EL SPEAKS OUT WITH POWER

el
IT IS uncommon nowadays for musicians, especially rappers to speak or provide commentary on political and social issues that afflict society. Those who dare often offer ‘light’ thoughts on the subject and quickly switch to other issues they consider important-their music, promotions and bling lifestyle, choosing the safer passage over the hard, patchy road which could cause an end to his/her career.
Considering where and how hip hop or rap music emerged and what it was supposed to be-a weapon to speak against ills of society- real rap heads feel that consciousness of rap music is dying if not dead and gone.
Despite this gloomy situation, one breaks into a big grin and punches the air when s/he hears one of their favourite rappers go against the norm, step on to the podium and speaks the thoughts of everyone with zest and passion.
And that was exactly what rapper EL (Elorm Adablah) did on 6th of March, 2015. The date is historic-it was the date Ghana became independent and the day marking our 58th Independence anniversary. The BBnZ prime act dropped his version of the State of the Nation (name of song).
On this 3:46 long track produced by Young Fly, EL took chance to let us in on his state of mind and the reason behind the song:

‘This is my state of the nation address/ is no hating I’m just stating the facts/updating the masses on the situation we facing/I guess we can accept it’s complicated at best’’.
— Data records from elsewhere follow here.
(* For any prime $p$, coefficientwise in $\mathbb{Z}[\![t]\!]$, \[ U(t) \equiv \Big( \sum_{m=0}^{[p/6]} u_{m} t^{m} \Big) U(t^{p}) \pmod{p},\qquad V(t) \equiv \Big( \sum_{m=0}^{[p/6]} (6m+1) u_{m} t^{m} \Big) U(t^{p}) \pmod{p}. \] In particular, $u_{r} \equiv 0\pmod{p}$ for all $r\ge1$ and $p\in \{2, 3, 5\}$.
   Context: For $r\ge0$ let $u_{r} = \frac{(6r)!}{(3r)!\, r!^{3}} = \binom{2r}{r} \binom{3r}{r} \binom{6r}{3r}$, and let $U(t)=\sum_{r\ge0}u_rt^r = {}_{3}F_{2}(\tfrac16,\tfrac12,\tfrac56;1,1;1728t)$ and $V(t)=\sum_{r\ge0}(6r+1)u_rt^r=(1+6t\tfrac{d}{dt})U(t)$. $[x]$ is the integer part. A congruence of formal power series modulo $N$ means all coefficients of the difference are divisible by $N$. *)

From mathcomp Require Import all_boot.
Set Implicit Arguments. Unset Strict Implicit. Unset Printing Implicit Defensive.

(* u_r = (6r)!/((3r)! r!^3) = C(2r,r) C(3r,r) C(6r,3r) *)
Definition u (r : nat) : nat := (6 * r)`! %/ ((3 * r)`! * (r`!) ^ 3).

Definition Ucoef (n : nat) : nat := u n.
Definition Vcoef (n : nat) : nat := (6 * n + 1) * u n.

(* Coefficient of t^n in the formal power series
   (sum_{m=0}^{[p/6]} a m t^m) * U(t^p)
   = sum over m <= p/6 and k with m + p k = n of a m * u k. *)
Definition truncU_coef (a : nat -> nat) (p n : nat) : nat :=
  \sum_(m < (p %/ 6).+1) \sum_(k < n.+1) (if m + p * k == n then a m * u k else 0).

From mathcomp Require Import all_boot zify ring.

(* Write r = k p + m with m < p.  By Lucas' theorem each factor of
   u_r = C(2r, r) C(3r, r) C(6r, 3r) splits mod p into a k-part and an m-part,
   so u_r = u_m u_k (mod p) when 6m < p.  Otherwise the first of 2m, 3m, 6m to
   reach p makes the bottom digit exceed the top one, and that factor vanishes
   mod p.  On the right-hand side t^n only receives the term m = n mod p,
   k = n div p, and 6n + 1 = 6m + 1 (mod p), which gives both congruences.  For
   p <= 5 only m = 0 survives, so u_{kp} = u_k (mod p) and induction on r shows
   that p divides u_r for r >= 1. *)

Set Implicit Arguments.
Unset Strict Implicit.
Unset Printing Implicit Defensive.

Lemma sum_eqn_mul (F : nat -> nat) i n :
  \sum_(j < n) (j == i :> nat) * F j = if i < n then F i else 0.
Proof.
rewrite -(big_ord1_eq addn) [RHS]big_mkcond; apply: eq_bigr => j _.
by case: ifP => _; rewrite (mul1n, mul0n).
Qed.

Lemma eq_modnM d m1 m2 n1 n2 :
  m1 = n1 %[mod d] -> m2 = n2 %[mod d] -> m1 * m2 = n1 * n2 %[mod d].
Proof. by move=> e1 e2; rewrite -modnMm e1 e2 modnMm. Qed.

Lemma bin_prime_mod p j : prime p -> 'C(p, j) = (j == 0) + (j == p) %[mod p].
Proof.
move=> p_pr; case: (ltngtP j p) => [j_lt_p | p_lt_j | ->].
- case: posnP => [-> | j_gt0]; first by rewrite bin0.
  by apply/eqP; rewrite mod0n; apply: prime_dvd_bin; rewrite ?j_gt0.
- by rewrite bin_small // gtn_eqF // (leq_ltn_trans _ p_lt_j).
- by rewrite binn gtn_eqF ?prime_gt0.
Qed.

Lemma bin_addn_prime_mod p n k : prime p ->
  'C(p + n, k) = 'C(n, k) + (if p <= k then 'C(n, k - p) else 0) %[mod p].
Proof.
move=> p_pr; rewrite -Vandermonde -modn_summ.
under eq_bigr => j _ do rewrite -modnMml bin_prime_mod // modnMml mulnDl.
by rewrite modn_summ big_split /= !(sum_eqn_mul (fun j => 'C(n, k - j))) subn0.
Qed.

Lemma bin_lucas p a b c d : prime p -> b < p -> d < p ->
  'C(a * p + b, c * p + d) = 'C(a, c) * 'C(b, d) %[mod p].
Proof.
move=> p_pr b_lt_p d_lt_p; elim: a c => [|a IHa] [|c].
- by rewrite !mul0n !add0n bin0 mul1n.
- by rewrite mul0n add0n bin0n mul0n bin_small //; lia.
- rewrite mulSn -addnA bin_addn_prime_mod // mul0n !add0n leqNgt d_lt_p /=.
  by rewrite addn0 -[d]add0n -(mul0n p) IHa !bin0.
- rewrite mulSn -addnA bin_addn_prime_mod // mulSn -addnA leq_addr addKn.
  by rewrite -modnDm IHa addnA -mulSn IHa modnDm binS mulnDl.
Qed.

Lemma dvdn_bin_lucas p a b c d : prime p -> b < d < p ->
  p %| 'C(a * p + b, c * p + d).
Proof.
move=> p_pr /andP[b_lt_d d_lt_p]; apply/eqP.
by rewrite bin_lucas ?(ltn_trans b_lt_d) // (bin_small b_lt_d) muln0 mod0n.
Qed.

Section ScaledBinomial.

Variables (p i j k m : nat).
Hypothesis p_pr : prime p.

Lemma bin_scaled_lucas : i <= j -> j * m < p ->
  'C(j * (k * p + m), i * (k * p + m)) = 'C(j * k, i * k) * 'C(j * m, i * m) %[mod p].
Proof.
move=> le_ij jm_lt_p; rewrite !mulnDr !mulnA bin_lucas //.
exact: leq_ltn_trans (leq_mul le_ij (leqnn m)) jm_lt_p.
Qed.

Lemma dvdn_bin_scaled_carry : i * m < p <= j * m -> j * m < p + i * m ->
  p %| 'C(j * (k * p + m), i * (k * p + m)).
Proof.
move=> /andP[im_lt_p p_le_jm] jm_lt; rewrite !mulnDr !mulnA.
rewrite -(subnKC p_le_jm) addnA -mulSnr; apply: dvdn_bin_lucas => //; lia.
Qed.

End ScaledBinomial.

Lemma u_binomial r : u r = 'C(2 * r, r) * 'C(3 * r, r) * 'C(6 * r, 3 * r).
Proof.
have fact2 := @bin_fact (2 * r) r ltac:(lia).
have fact3 := @bin_fact (3 * r) r ltac:(lia).
have fact6 := @bin_fact (6 * r) (3 * r) ltac:(lia).
rewrite (_ : 2 * r - r = r) in fact2; last by lia.
rewrite (_ : 3 * r - r = 2 * r) in fact3; last by lia.
rewrite (_ : 6 * r - 3 * r = 3 * r) in fact6; last by lia.
rewrite /u; suff -> : (6 * r)`! =
    'C(2 * r, r) * 'C(3 * r, r) * 'C(6 * r, 3 * r) * ((3 * r)`! * r`! ^ 3).
  by rewrite mulnK // muln_gt0 expn_gt0 !fact_gt0.
by rewrite -fact6 -fact3 -fact2; ring.
Qed.

Lemma u_lucas p k m : prime p -> m < p ->
  u (k * p + m) = (if 6 * m < p then u m * u k else 0) %[mod p].
Proof.
(* Write the lower index r of 'C(2r, r) and 'C(3r, r) as 1 * r (shape of bin_scaled_lucas). *)
move=> p_pr m_lt_p; rewrite !u_binomial -{2 4}(mul1n (k * p + m)).
case: ifP => [m6_lt_p | m6_ge_p].
  have lucas i j : i <= j <= 6 ->
      'C(j * (k * p + m), i * (k * p + m)) = 'C(j * k, i * k) * 'C(j * m, i * m) %[mod p].
    case/andP=> le_ij j_le6.
    by rewrite bin_scaled_lucas // (leq_ltn_trans _ m6_lt_p) ?leq_mul.
  rewrite (eq_modnM (eq_modnM (lucas 1 2 isT) (lucas 1 3 isT)) (lucas 3 6 isT)).
  by rewrite !mul1n; congr (_ %% p); ring.
rewrite mod0n; apply/eqP.
have [m2_ge_p | m2_lt_p] := leqP p (2 * m).
  by apply/dvdn_mulr/dvdn_mulr/dvdn_bin_scaled_carry => //; lia.
have [m3_ge_p | m3_lt_p] := leqP p (3 * m).
  by apply/dvdn_mulr/dvdn_mull/dvdn_bin_scaled_carry => //; lia.
by apply/dvdn_mull/dvdn_bin_scaled_carry => //; lia.
Qed.

Lemma sum_digit_expansion (F : nat -> nat -> nat) p M n : M <= p ->
  \sum_(m < M) \sum_(k < n.+1) (if m + p * k == n then F m k else 0) =
  if n %% p < M then F (n %% p) (n %/ p) else 0.
Proof.
move=> M_le_p; rewrite -(sum_eqn_mul (fun m => F m (n %/ p))).
apply: eq_bigr => m _; have m_lt_p := leq_trans (ltn_ord m) M_le_p.
have digitE k : (m + p * k == n) = (m == n %% p :> nat) && (k == n %/ p).
  apply/eqP/andP => [<- | [/eqP-> /eqP->]]; last by rewrite addnC mulnC -divn_eq.
  have p_gt0 : 0 < p := leq_ltn_trans (leq0n m) m_lt_p.
  by rewrite addnC mulnC modnMDl divnMDl // modn_small // divn_small // addn0.
under eq_bigr => k _ do rewrite digitE.
case: (m == n %% p :> nat); last by rewrite big1.
by rewrite -big_mkcond big_ord1_eq ltnS leq_div mul1n.
Qed.

Lemma six_mul_lt_prime p x : prime p -> (x < (p %/ 6).+1) = (6 * x < p).
Proof.
move=> p_pr; rewrite ltnS leq_divRL // mulnC leq_eqVlt orb_idl // => /eqP six_x.
have: 2 %| p by rewrite -six_x (dvdn_mulr x (isT : 2 %| 6)).
by rewrite dvdn_prime2 // => /eqP two_p; lia.
Qed.

Lemma truncU_coef_prime a p n : prime p ->
  truncU_coef a p n = if 6 * (n %% p) < p then a (n %% p) * u (n %/ p) else 0.
Proof.
move=> p_pr; rewrite /truncU_coef (sum_digit_expansion (fun m k => a m * u k)).
  by rewrite six_mul_lt_prime.
by rewrite ltn_Pdiv ?prime_gt0.
Qed.

Lemma truncU_coefM f a p n : prime p ->
  truncU_coef (fun m => f m * a m) p n = f (n %% p) * truncU_coef a p n.
Proof. by move=> p_pr; rewrite !truncU_coef_prime //; case: ifP; rewrite ?mulnA ?muln0. Qed.

Lemma u_truncU_coef p n : prime p -> u n = truncU_coef u p n %[mod p].
Proof.
move=> p_pr; rewrite truncU_coef_prime // {1}(divn_eq n p).
by rewrite u_lucas // ltn_pmod ?prime_gt0.
Qed.

Lemma prime_lt6_dvdn_u p r : prime p -> p < 6 -> 0 < r -> p %| u r.
Proof.
move=> p_pr p_lt6; have p_gt0 := prime_gt0 p_pr.
elim/ltn_ind: r => r IHr r_gt0; apply/eqP.
rewrite (divn_eq r p) u_lucas ?ltn_pmod //.
case: ifP => [m6_lt_p | _]; last by rewrite mod0n.
have r_mod0 : r %% p = 0 by lia.
have q_gt0 : 0 < r %/ p by move: (divn_eq r p); rewrite r_mod0; lia.
rewrite r_mod0 mul1n; apply/eqP; apply: IHr q_gt0.
by rewrite ltn_Pdiv ?prime_gt1.
Qed.

Theorem proposition3p1 :
  (forall p : nat, prime p ->
     (forall n : nat, Ucoef n = truncU_coef u p n %[mod p]) /\
     (forall n : nat, Vcoef n = truncU_coef (fun m => (6 * m + 1) * u m) p n %[mod p]))
  /\
  (forall p r : nat, p \in [:: 2; 3; 5] -> 1 <= r -> p %| u r).
Proof.
split=> [p p_pr | p r].
  split=> n; first exact: u_truncU_coef.
  rewrite /Vcoef truncU_coefM //; apply: eq_modnM; last exact: u_truncU_coef.
  by rewrite {1}(divn_eq n p) mulnDr mulnA -addnA modnMDl.
by rewrite !inE => /or3P[] /eqP->; apply: prime_lt6_dvdn_u.
Qed.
He proceeds to speak about the present predicaments bedeviling Ghana: high goods prices, energy crisis (the load shedding phenomenon is biting hard on us all), unemployment, empty promises by politicians and wonders why Ghana isn’t a heaven by now.

‘It (Ghana) should have been a paradise for the world to envy/But it’s hard when all your capital reserves are empty/The rich get rich/ chase girls in Bentleys/The poor die courtside’.
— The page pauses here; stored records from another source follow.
Lemma finite_C_space_removable {R : realType} {X : topologicalType} (k : nat -> nat)
    (a b : nat -> R) (N : forall n, 'rV[R]_(k n) -> R)
    (A : forall n, set 'rV[R]_(k n)) (f : forall n, X -> 'rV[R]_(k n)) :
  finite_C_space R X ->
  (forall n, is_norm (N n)) ->
  (forall n, closed_nowhere_dense_in (cube (k n) (a n) (b n)) (A n)) ->
  (forall n, continuous (f n) /\ forall x, cube (k n) (a n) (b n) (f n x)) ->
  finitely_removable k a b N A f.
Proof.
move=> hC hN hA hf eps eps_gt0.
have /choice [omega homega] : forall n, exists w : seq (set X), fo_finite_cover R w /\
    forall U, U \in w -> exists c, U `<=` f n @^-1` [set v | N n (v - c) < eps n / 2].
  by move=> n; apply: ball_preimage_cover (f n) (hN n) (hf n).1 (hf n).2 _ _; exact: divr_gt0.
have [kk [gamma [gamma_fo gamma_cover]]] := hC omega (fun n => (homega n).1).
(* The pairs (n, j) with j >= size (gamma n) index the empty set. *)
pose M := \max_(n < kk) size (gamma n).
pose V (p : 'I_kk * 'I_M) := nth set0 (gamma p.1) p.2.
have V0 (p : 'I_kk * 'I_M) : (size (gamma p.1) <= p.2)%N -> V p = set0.
  by move=> hp; rewrite /V nth_default.
have V_fo (p : 'I_kk * 'I_M) : functionally_open R (V p).
  have [hp|/V0 ->] := ltnP p.2 (size (gamma p.1)); last exact: functionally_open_set0.
  by have [[hfo _] _] := gamma_fo _ (ltn_ord p.1); apply: hfo; rewrite mem_nth.
have V_cover x : exists p, V p x.
  have [n [hn [U Ugamma Ux]]] := gamma_cover x.
  have hU : (index U (gamma n) < M)%N.
    apply: leq_trans (@leq_bigmax _ (fun n : 'I_kk => size (gamma n)) (Ordinal hn)).
    by rewrite index_mem.
  by exists (Ordinal hn, Ordinal hU); rewrite /V /= nth_index.
have [lam [lam_cont lam01 lam_supp lam1]] := functionally_open_cover_saturated V V_fo V_cover.
have /dependent_choice [g hg] : forall n, exists g : X -> 'rV[R]_(k n),
    [/\ continuous g, forall x, cube (k n) (a n) (b n) (g x),
        forall x, N n (f n x - g x) <= eps n
      & forall (p : 'I_kk * 'I_M) x, (p.1 == n :> nat) -> lam p x = 1 -> ~ A n (g x)].
  move=> n; apply: (perturb_off_nowhere_dense _ _ _ (hN n) (hf n).1 (hf n).2 (hA n) (eps_gt0 n)
    (fun p : 'I_kk * 'I_M => p.1 == n :> nat) V lam) => //.
  - move=> [n1 j1] [n2 j2] x /eqP/= n1n /eqP/= n2n; rewrite /V /= => V1 V2.
    have n12 : n1 = n2 by apply: ord_inj; rewrite n1n n2n.
    subst n2; congr pair; apply: val_inj.
    exact: fo_disjoint_family_nth_inj (gamma_fo _ (ltn_ord n1)).1 V1 V2.
  - move=> p /eqP pn; subst n.
    have [hp|/V0 ->] := ltnP p.2 (size (gamma p.1)); last by exists 0.
    have [_ refine] := gamma_fo _ (ltn_ord p.1).
    have [W /(homega _).2 [c Wc] VW] := refine _ (mem_nth set0 hp).
    by exists c => x /VW /Wc.
exists kk, g; split => [n _|x]; first by case: (hg n).
have [p lam_p] := lam1 x; exists p.1; split => //.
by case: (hg p.1) => _ _ _; apply.
Qed.

Section strict_argmax.
Context {R : realType} {m : nat}.

Definition strict_argmax (y : 'rV[R]_m) (i : 'I_m) : Prop :=
  forall j, j != i -> y 0 j < y 0 i.

Definition max_gap (i : 'I_m) (y : 'rV[R]_m) : R :=
  \big[Num.min/1]_(j | j != i) (y 0 i - y 0 j).

Lemma max_gap_gt0 i y : 0 < max_gap i y <-> strict_argmax y i.
Proof.
split => [/bigmin_gtP[_ hy] j /hy|hy]; first by rewrite subr_gt0.
by apply/bigmin_gtP; split => // j /hy; rewrite subr_gt0.
Qed.

Lemma max_gap_continuous i : continuous (max_gap i).
Proof.
have min_cont : continuous (fun p : R * R => Num.min p.1 p.2).
  by move=> p; apply: (@continuous_min R _ fst snd p); [exact: cvg_fst | exact: cvg_snd].
apply: (continuous_big min_cont) => j _ y.
by apply: continuousB; apply: coord_continuous.
Qed.

Lemma strict_argmax_unique y i j : strict_argmax y i -> strict_argmax y j -> i = j.
Proof.
move=> yi yj; apply: contrapT => /eqP ij.
have ji : j != i by rewrite eq_sym.
by have := lt_trans (yi j ji) (yj i ij); rewrite ltxx.
Qed.

Definition no_strict_max : set 'rV[R]_m :=
  [set y | cube m 0 1 y /\ ~ exists i, strict_argmax y i].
The preachers who continuously proffer words of salvation to the masses in the face of hardship, that God has a better place did not escape E.L’s volatile rants

‘… Preacher man screaming Amen/ Give it to God Mama give it to God/ He go come one day on a beautiful horse/if you dey hung (hungry) ebi he go put food in your moff (mouth)/make you no talk/go to work and play fool for your boss’’
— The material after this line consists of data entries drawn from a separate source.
Lemma tens_ractE a s :
  bract (tcls s) a = tcls (map (fun p => (p.1, bract p.2 a)) s).
Proof. exact: (tmapE s (rmap_id _) (lmap_ract HY a)). Qed.

Lemma tens_bimod : is_bimod (tens X Y).
Proof.
split.
- move=> x y z; case: (tens_rep x) => sx ->; case: (tens_rep y) => sy ->.
  by case: (tens_rep z) => sz ->; rewrite !tens_addE catA.
- move=> x y; case: (tens_rep x) => sx ->; case: (tens_rep y) => sy ->.
  by rewrite !tens_addE; apply: tcls_eq => G b hb; rewrite !big_cat /= addrC.
- by move=> x; case: (tens_rep x) => sx ->; rewrite tens_zeroE tens_addE.
- move=> x; case: (tens_rep x) => sx ->; rewrite tens_oppE tens_zeroE tens_addE.
  apply: tcls_eq => G b hb; rewrite big_cat big_map big_nil /= -big_split /=.
  by apply: big1 => p _; rewrite (balNl HX hb) addNr.
- move=> a x y; case: (tens_rep x) => sx ->; case: (tens_rep y) => sy ->.
  by rewrite (tens_lactE a sx) (tens_lactE a sy) !tens_addE tens_lactE map_cat.
- move=> a c x; case: (tens_rep x) => sx ->; rewrite !tens_lactE tens_addE.
  apply: tcls_eq => G b [h1 h2 h3]; rewrite big_cat !big_map /= -big_split /=.
  by apply: eq_bigr => p _; rewrite (blactDl HX) h1.
- move=> a c x; case: (tens_rep x) => sx ->; rewrite !tens_lactE -map_comp.
  by apply: congr1; apply: eq_map => p /=; rewrite (blactM HX).
- move=> x; case: (tens_rep x) => sx ->; rewrite !tens_lactE.
  by congr tcls; rewrite -[RHS]map_id; apply: eq_map => -[p q] /=; rewrite (blact1 HX).
- move=> a x y; case: (tens_rep x) => sx ->; case: (tens_rep y) => sy ->.
  by rewrite (tens_ractE a sx) (tens_ractE a sy) !tens_addE tens_ractE map_cat.
- move=> a c x; case: (tens_rep x) => sx ->; rewrite !tens_ractE tens_addE.
  apply: tcls_eq => G b [h1 h2 h3]; rewrite big_cat !big_map /= -big_split /=.
  by apply: eq_bigr => p _; rewrite (bractDr HY) h2.
- move=> a c x; case: (tens_rep x) => sx ->; rewrite !tens_ractE -map_comp.
  by apply: congr1; apply: eq_map => p /=; rewrite (bractM HY).
- move=> x; case: (tens_rep x) => sx ->; rewrite !tens_ractE.
  by congr tcls; rewrite -[RHS]map_id; apply: eq_map => -[p q] /=; rewrite (bract1 HY).
- move=> a c x; case: (tens_rep x) => sx ->.
  by rewrite tens_lactE !tens_ractE tens_lactE -!map_comp.
Qed.
End TensorOps.
End TensorBimodule.

Section PureTensors.
Variable A : pzRingType.
Local Notation bimod := (bimod A).

Definition tpure (X Y : bimod) (x : X) (y : Y) : tens X Y := tcls [:: (x, y)].

Lemma tmap_tpure (X Y X' Y' : bimod) (f : X -> X') (g : Y -> Y') x y :
  is_rmap f -> is_lmap g -> tmap f g (tpure x y) = tpure (f x) (g y).
Proof. by move=> hf hg; rewrite /tpure tmapE. Qed.

Lemma tpureDl (X Y : bimod) (x x' : X) (y : Y) :
  tpure (badd x x') y = badd (tpure x y) (tpure x' y).
Proof.
rewrite /tpure tens_addE; apply: tcls_eq => G b [h1 h2 h3].
by rewrite !big_cons !big_nil /= h1 !addr0.
Qed.

Lemma tpureDr (X Y : bimod) (x : X) (y y' : Y) :
  tpure x (badd y y') = badd (tpure x y) (tpure x y').
Proof.
rewrite /tpure tens_addE; apply: tcls_eq => G b [h1 h2 h3].
by rewrite !big_cons !big_nil /= h2 !addr0.
Qed.

Lemma tpure_bal (X Y : bimod) (x : X) a (y : Y) :
  tpure (bract x a) y = tpure x (blact a y).
Proof.
by rewrite /tpure; apply: tcls_eq => G b [h1 h2 h3]; rewrite !big_cons !big_nil /= h3.
Qed.

Lemma blact_tpure (X Y : bimod) (HX : is_bimod X) a (x : X) (y : Y) :
  blact a (tpure x y) = tpure (blact a x) y.
Proof. by rewrite /tpure (tens_lactE HX). Qed.

Lemma bract_tpure (X Y : bimod) (HY : is_bimod Y) a (x : X) (y : Y) :
  bract (tpure x y) a = tpure x (bract y a).
Proof. by rewrite /tpure (tens_ractE HY). Qed.

Lemma rmap_tpure (X Y : bimod) (HY : is_bimod Y) (x : X) :
  is_rmap (fun y : Y => tpure x y).
Proof. by split=> *; [exact: tpureDr | rewrite bract_tpure]. Qed.

Lemma lmap_tpure (X Y : bimod) (HX : is_bimod X) (y : Y) :
  is_lmap (fun x : X => tpure x y).
Proof. by split=> *; [exact: tpureDl | rewrite blact_tpure]. Qed.

Lemma bsum_tpure (X Y : bimod) (s : seq (X * Y)) :
  bsum (map (fun p => tpure p.1 p.2) s) = tcls s.
Proof.
elim: s => [|[x y] s IH] //.
have -> : bsum (map (fun p => tpure p.1 p.2) ((x, y) :: s)) =
  badd (tpure x y) (bsum (map (fun p => tpure p.1 p.2) s)) by [].
by rewrite IH /tpure tens_addE.
Qed.

Definition badditive (X Y : bimod) (F : X -> Y) : Prop :=
  forall u v, F (badd u v) = badd (F u) (F v).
The versatile rapper turned his gun on the corruptible stunts of political leaders and those in authorities, focusing on the mantra for looting and wastefulness.

They say it gon’ cost a billion dollars/ a billion dollars to solve our present and imminent problems/ Listen, we’ve been borrowing from the beginning in Ghana/ Nothing changes/we still living in darkness’

EL further lashes at others who exploit the ordinary citizen ‘…when officers working at the airport are begging for funds/The policeman at the check point collecting his one (Cedi)/stretching his hand through my window/other hand on the gun/to get that two cedis fix/and this happening right now!’
The question worth asking is this: how do you end this and who is to help end it? The People should. The people should be the watchmen, the vanguards against incompetence. The people own the power and must employ the power to society’s good.  Sometimes, one is left to wonder if the people, the real power brokers know how powerful they are. EL reminds us of this:

‘…Who do we blame for this state of affairs? I blame us/ if we have the power we make them do what they must/demand accountability/Stepping our game up’.

E.L concludes by calling all to rally round the flag and the nation by eschewing negativities that has the potential of defeating our spirit of cohesion for ‘we’ll never see the right design until we decide to unite our minds.
The self proclaimed B.A.R Man (Best African Rapper) is urging Ghanaians to ‘Stand Up for Ghana’ and speak their minds because it is ‘our birth right’. He aptly describes himself in the opening lines of the song as ‘a citizen, an unwilling witness of the condition in which we living in, a living testament of civilians who are innocent, a critic of the system for what it is and should have been’.
As an old dictum goes, an elder who chooses silence over speech when the young are enjoying a delicacy of a royal python will be accused of partaking in the feast. EL obviously does not wish to behave like that elder therefore has chosen to vent his outrage at how deplorable things are shaping to be in his own State of Nation Address.